不同的实现使用不同的常量K来提供不同的好处,特别是大多数实现都使用K = 2K = 1.5。更高的K将使它更快,因为它需要更少的增长,但同时它会产生更大的内存影响。例如,在 gcc 中K = 2,而在 VS (Dinkumware) 中K = 1.5

(*) If the vector grew by a constant quantity, then the complexity of push_backwould become linear instead of amortized constant. For example, if the vector grew by 10 elements when needed, the cost of growing (copy of all element to the new memory address) would be O( N / 10 )(every 10 elements, move everything) or O( N ).

(*) 如果向量以一个常数增长,那么 的复杂度push_back将变为线性而不是摊销常数。例如,如果向量在需要时增加 10 个元素,则增长(将所有元素复制到新内存地址)的成本将为O( N / 10 )(每 10 个元素,移动所有内容)或O( N )

回答by Baiyan Huang

Just to add some mathematic proof on the time complexity on vector::push_back, say the size of vector is n, what we care about here is the number of copies happened so far, say y, notice the copy happens every time you grow the vector.

只是在 上添加一些关于时间复杂度的数学证明vector::push_back,比如向量的大小是n,我们在这里关心的是到目前为止发生的副本数量,例如y,注意每次增加向量时都会发生副本。

Grow by factor ofK

按因子增长K

  y = K^1 + K^2 + K^3 ... K^log(K, n)
K*y =     + K^2 + K^3 ... K^log(K, n) + K*K^log(K, n)

K*y-y = K*K^log(K, n) - K
y = K(n-1)/(K-1) = (K/(K-1))(n-1)

T(n) = y/n = (K/(K-1)) * (n-1)/n < K/(K-1) = O(1)

K/(K-1)is a constant, and see the most common cases:

K/(K-1)是一个常数,看看最常见的情况:

  • K=2, T(n) = 2/(2-1) = 2
  • K=1.5, T(n) = 1.5/(1.5-1) = 3
  • K=2,T(n) = 2/(2-1) = 2
  • K=1.5,T(n) = 1.5/(1.5-1) = 3

and actually there is a reason of choosing K as 1.5 or 2 in different implementations, see this graph: as T(n)reaching the minimum when Kis around 2, there is not much benefit on using a larger K, at the cost of allocating more memory

实际上,在不同的实现中选择 K 作为 1.5 或 2 是有原因的,请参见此T(n)K在 2 左右时达到最小值,使用更大的 没有太大好处K,但代价是分配更多内存

Grow by constant quantity ofC

以恒定数量增长C

y = C + 2*C + 3*C + 4*C +  ... (n/C) * C
  = C(1+2+3+...+n/C), say m = n/C
  = C*(m*(m-1)/2)
  = n(m-1)/2

T(n) = y/n = (n(m-1)/2)/n = (m-1)/2 = n/2C - 1/2 = O(n)

As we could see it is liner

正如我们所看到的,它是班轮

回答by Kiril Kirov

The capacity of the vectoris completely implementation-dependent, no one can tell how it's growing..

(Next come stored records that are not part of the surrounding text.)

(* Let $G$ be a connected simple graph on $n\ge2$ vertices, let $\alpha\in\mathbb{R}$, and suppose the vertices are labeled so that $({}^\alpha m)_1+d_1\ge({}^\alpha m)_2+d_2\ge\cdots\ge({}^\alpha m)_n+d_n$. Let $\Delta$ be the maximum degree of $G$ and $N=\max_{i\sim j}d_j^\alpha/d_i^\alpha$. Then for $1\le i\le n$, writing $s_k=({}^\alpha m)_k+d_k$, \[\rho(Q(G))\le \frac{s_i+\Delta-N+\sqrt{(s_i-\Delta+N)^2+4N\sum_{k=1}^{i-1}(s_k-s_i)}}{2}.\] Equality holds if and only if $s_1=s_2=\cdots=s_n$, or there is $t$ with $2\le t\le i$ such that: if $\alpha=0$, $G$ is a bidegreed graph with $d_1=\cdots=d_{t-1}=n-1>d_t=\cdots=d_n$; if $\alpha>0$, $G$ is a bidegreed graph with $s_1>s_2=\cdots=s_n$ and $d_1=n-1>d_2=\cdots=d_n$. (For $\alpha<0$ only the first alternative occurs.)
   Context: $Q(G)=D(G)+A(G)$ is the signless Laplacian matrix, where $A(G)$ is the adjacency matrix and $D(G)=\mathrm{diag}(d_1,\dots,d_n)$ is the diagonal matrix of vertex degrees. $i\sim j$ means $v_i,v_j$ adjacent. The generalized average degree is $({}^\alpha m)_i=\frac{\sum_{j\sim i}d_j^\alpha}{d_i^\alpha}$. $\rho$ is the spectral radius. A bidegreed graph has exactly two distinct vertex degrees. An empty sum equals $0$. *)

From Stdlib Require Import Reals Lra Lia Relations.
Open Scope R_scope.

(* Vertices are the naturals 0, ..., n-1 (paper's v_1..v_n shifted by one).
   A graph is given by a boolean adjacency relation [adj]; only its values on
   vertices < n matter. *)

Fixpoint sumR (f : nat -> R) (n : nat) : R :=
  match n with
  | O => 0
  | S k => sumR f k + f k
  end.

Definition simple_graph (n : nat) (adj : nat -> nat -> bool) : Prop :=
  (forall i j, (i < n)%nat -> (j < n)%nat -> adj i j = adj j i) /\
  (forall i, (i < n)%nat -> adj i i = false).

Definition edge_rel (n : nat) (adj : nat -> nat -> bool) : relation nat :=
  fun a b => (a < n)%nat /\ (b < n)%nat /\ adj a b = true.

Definition connected (n : nat) (adj : nat -> nat -> bool) : Prop :=
  forall i j, (i < n)%nat -> (j < n)%nat -> clos_refl_trans nat (edge_rel n adj) i j.

Definition deg (n : nat) (adj : nat -> nat -> bool) (i : nat) : R :=
  sumR (fun j => if adj i j then 1 else 0) n.

Definition gen_avg_deg (n : nat) (adj : nat -> nat -> bool) (alpha : R) (i : nat) : R :=
  sumR (fun j => if adj i j then Rpower (deg n adj j) alpha else 0) n
  / Rpower (deg n adj i) alpha.

Definition signless_laplacian (n : nat) (adj : nat -> nat -> bool) (i j : nat) : R :=
  (if Nat.eqb i j then deg n adj i else 0) + (if adj i j then 1 else 0).

Definition eigenvalue (n : nat) (M : nat -> nat -> R) (lam : R) : Prop :=
  exists x : nat -> R,
    (exists k, (k < n)%nat /\ x k <> 0) /\
    forall i, (i < n)%nat -> sumR (fun j => M i j * x j) n = lam * x i.

(* r is the spectral radius of M: the maximum modulus of an eigenvalue.
   (Only real eigenvalues are considered; for the real symmetric matrix Q
   this is the whole spectrum.) *)
Definition spectral_radius (n : nat) (M : nat -> nat -> R) (r : R) : Prop :=
  (exists lam, eigenvalue n M lam /\ Rabs lam = r) /\
  (forall lam, eigenvalue n M lam -> Rabs lam <= r).

Definition is_max_degree (n : nat) (adj : nat -> nat -> bool) (D : R) : Prop :=
  (exists i, (i < n)%nat /\ deg n adj i = D) /\
  (forall i, (i < n)%nat -> deg n adj i <= D).

Definition is_max_ratio (n : nat) (adj : nat -> nat -> bool) (alpha N : R) : Prop :=
  (exists i j, (i < n)%nat /\ (j < n)%nat /\ adj i j = true /\
     Rpower (deg n adj j) alpha / Rpower (deg n adj i) alpha = N) /\
  (forall i j, (i < n)%nat -> (j < n)%nat -> adj i j = true ->
     Rpower (deg n adj j) alpha / Rpower (deg n adj i) alpha <= N).

Definition bidegreed (n : nat) (adj : nat -> nat -> bool) : Prop :=
  exists a b, a <> b /\
    (exists i, (i < n)%nat /\ deg n adj i = a) /\
    (exists j, (j < n)%nat /\ deg n adj j = b) /\
    (forall k, (k < n)%nat -> deg n adj k = a \/ deg n adj k = b).

From Stdlib Require Import Reals Lra Lia Relations.
Open Scope R_scope.

(** Write [s_k = (^alpha m)_k + d_k] and let [theta] be the claimed bound for a
    fixed [i].  The proof is a Collatz-Wielandt argument: we exhibit a positive
    vector [v] with [Q v <= theta v] componentwise, namely
    [v_k = d_k^alpha (1 + p_k)] where [p_k = (s_k - s_i) / (theta - Delta + N)]
    for [k < i] and [p_k = 0] otherwise.  An exact row identity for [Q v]
    writes [theta v_k - (Q v)_k] as [d_k^alpha] times a sum of nonnegative
    slacks.  Since [Q] is nonnegative and positive on the edges of a connected
    graph, the spectral radius is at most [theta], with equality iff [Q v =
    theta v], i.e. iff every slack vanishes.  Vanishing slack means either that
    all [s_k] coincide, or that [s_k] is constant from [i] on and every vertex
    with [s_j > s_i] is an apex (dominating, of maximum degree, with maximal
    ratios into it); a combinatorial analysis identifies the latter graphs with
    the extremal families of the statement. *)

Lemma sumR_ext (f g : nat -> R) n :
  (forall j, (j < n)%nat -> f j = g j) -> sumR f n = sumR g n.
Proof.
  induction n as [|n IH]; intros H; simpl; [reflexivity|].
  rewrite IH by (intros; apply H; lia). rewrite H by lia. reflexivity.
Qed.

Lemma sumR_plus (f g : nat -> R) n : sumR (fun j => f j + g j) n = sumR f n + sumR g n.
Proof. induction n as [|n IH]; simpl; [lra|]. rewrite IH. lra. Qed.

Lemma sumR_minus (f g : nat -> R) n : sumR (fun j => f j - g j) n = sumR f n - sumR g n.
Proof. induction n as [|n IH]; simpl; [lra|]. rewrite IH. lra. Qed.

Lemma sumR_scal (c : R) (f : nat -> R) n : sumR (fun j => c * f j) n = c * sumR f n.
Proof. induction n as [|n IH]; simpl; [lra|]. rewrite IH. lra. Qed.

Lemma sumR_zero n : sumR (fun _ => 0) n = 0.
Proof. induction n as [|n IH]; simpl; [lra|]. rewrite IH. lra. Qed.

Lemma sumR_const c n : sumR (fun _ => c) n = c * INR n.
Proof. induction n as [|n IH]; simpl sumR; [simpl; lra|]. rewrite IH, S_INR. lra. Qed.

Lemma sumR_le (f g : nat -> R) n :
  (forall j, (j < n)%nat -> f j <= g j) -> sumR f n <= sumR g n.
Proof.
  induction n as [|n IH]; intros H; simpl; [lra|].
  assert (f n <= g n) by (apply H; lia).
  assert (sumR f n <= sumR g n) by (apply IH; intros; apply H; lia). lra.
Qed.

Lemma sumR_nonneg (f : nat -> R) n :
  (forall j, (j < n)%nat -> 0 <= f j) -> 0 <= sumR f n.
Proof. intros H. rewrite <- (sumR_zero n). now apply sumR_le. Qed.

Lemma sumR_ge_term (f : nat -> R) n k :
  (forall j, (j < n)%nat -> 0 <= f j) -> (k < n)%nat -> f k <= sumR f n.
Proof.
  induction n as [|n IH]; intros H Hk; simpl; [lia|].
  assert (0 <= f n) by (apply H; lia).
  assert (0 <= sumR f n) by (apply sumR_nonneg; intros; apply H; lia).
  destruct (Nat.eq_dec k n) as [->|]; [lra|].
  assert (f k <= sumR f n) by (apply IH; [intros; apply H; lia|lia]). lra.
Qed.

Lemma sumR_eq0 (f : nat -> R) n :
  (forall j, (j < n)%nat -> 0 <= f j) -> sumR f n = 0 ->
  forall j, (j < n)%nat -> f j = 0.
Proof.
  intros H E j Hj.
  pose proof (sumR_ge_term f n j H Hj). pose proof (H j Hj). lra.
Qed.

Lemma sumR_delta (f : nat -> R) n k :
  (k < n)%nat -> sumR (fun j => if Nat.eqb k j then f j else 0) n = f k.
Proof.
  induction n as [|n IH]; simpl; intros Hk; [lia|].
  destruct (Nat.eq_dec k n) as [->|].
  - rewrite Nat.eqb_refl, (sumR_ext _ (fun _ => 0)), sumR_zero; [lra|].
    intros j Hj. destruct (Nat.eqb_spec n j); [lia|reflexivity].
  - destruct (Nat.eqb_spec k n); [lia|]. rewrite IH by lia. lra.
Qed.

Lemma sumR_trunc (f : nat -> R) i n :
  (i <= n)%nat -> (forall j, (i <= j < n)%nat -> f j = 0) -> sumR f n = sumR f i.
Proof.
  induction n as [|n IH]; intros Hi H.
  - replace i with 0%nat by lia. reflexivity.
  - destruct (Nat.eq_dec i (S n)) as [->|]; [reflexivity|]. simpl.
    rewrite IH by (lia || (intros; apply H; lia)). rewrite (H n) by lia. lra.
Qed.

Lemma sumR_abs (f : nat -> R) n : Rabs (sumR f n) <= sumR (fun j => Rabs (f j)) n.
Proof.
  induction n as [|n IH]; simpl.
  - rewrite Rabs_R0; lra.
  - eapply Rle_trans; [apply Rabs_triang|]. lra.
Qed.

Lemma argmax_exists (z : nat -> R) n :
  (0 < n)%nat -> exists p, (p < n)%nat /\ forall j, (j < n)%nat -> z j <= z p.
Proof.
  induction n as [|n IH]; intros Hn; [lia|].
  destruct (Nat.eq_dec n 0) as [->|].
  { exists 0%nat. split; [lia|]. intros j Hj. replace j with 0%nat by lia. lra. }
  destruct IH as [p [Hp H]]; [lia|].
  destruct (Rle_dec (z n) (z p)).
  - exists p. split; [lia|]. intros j Hj.
    destruct (Nat.eq_dec j n) as [->|]; [lra|]. apply H; lia.
  - exists n. split; [lia|]. intros j Hj.
    destruct (Nat.eq_dec j n) as [->|]; [lra|].
    assert (z j <= z p) by (apply H; lia). lra.
Qed.
(** * Positive supervectors of nonnegative matrices

   If [M] is entrywise nonnegative and [v > 0] satisfies [M v <= theta v],
   then every (real) eigenvalue of [M] has modulus at most [theta]; if moreover
   [M] is positive along the edges of a connected graph, an eigenvalue of
   modulus [theta] forces [M v = theta v].  The proof compares an eigenvector
   [x] with [v] at an index maximising [|x_j / v_j|]. *)

Section Supervector.

Variables (n : nat) (M : nat -> nat -> R) (v : nat -> R) (theta : R).
Hypothesis M_nonneg : forall k j, (k < n)%nat -> (j < n)%nat -> 0 <= M k j.
Hypothesis v_pos : forall k, (k < n)%nat -> 0 < v k.
Hypothesis v_super : forall k, (k < n)%nat -> sumR (fun j => M k j * v j) n <= theta * v k.

Section Eigenvector.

的容量vector完全依赖于实现,没有人知道它是如何增长的。

回答by Erik

Are you using the "Rogue Wave" implementation?

您在使用“Rogue Wave”实现吗?

How capacity grows is up to the implementation. Yours use 2^N.

容量如何增长取决于实施。你使用 2^N。

回答by swegi

Yes, the capacity doubles each time it is exceeded. This is implementation dependent.

是的,每次超过容量都会增加一倍。这是依赖于实现的。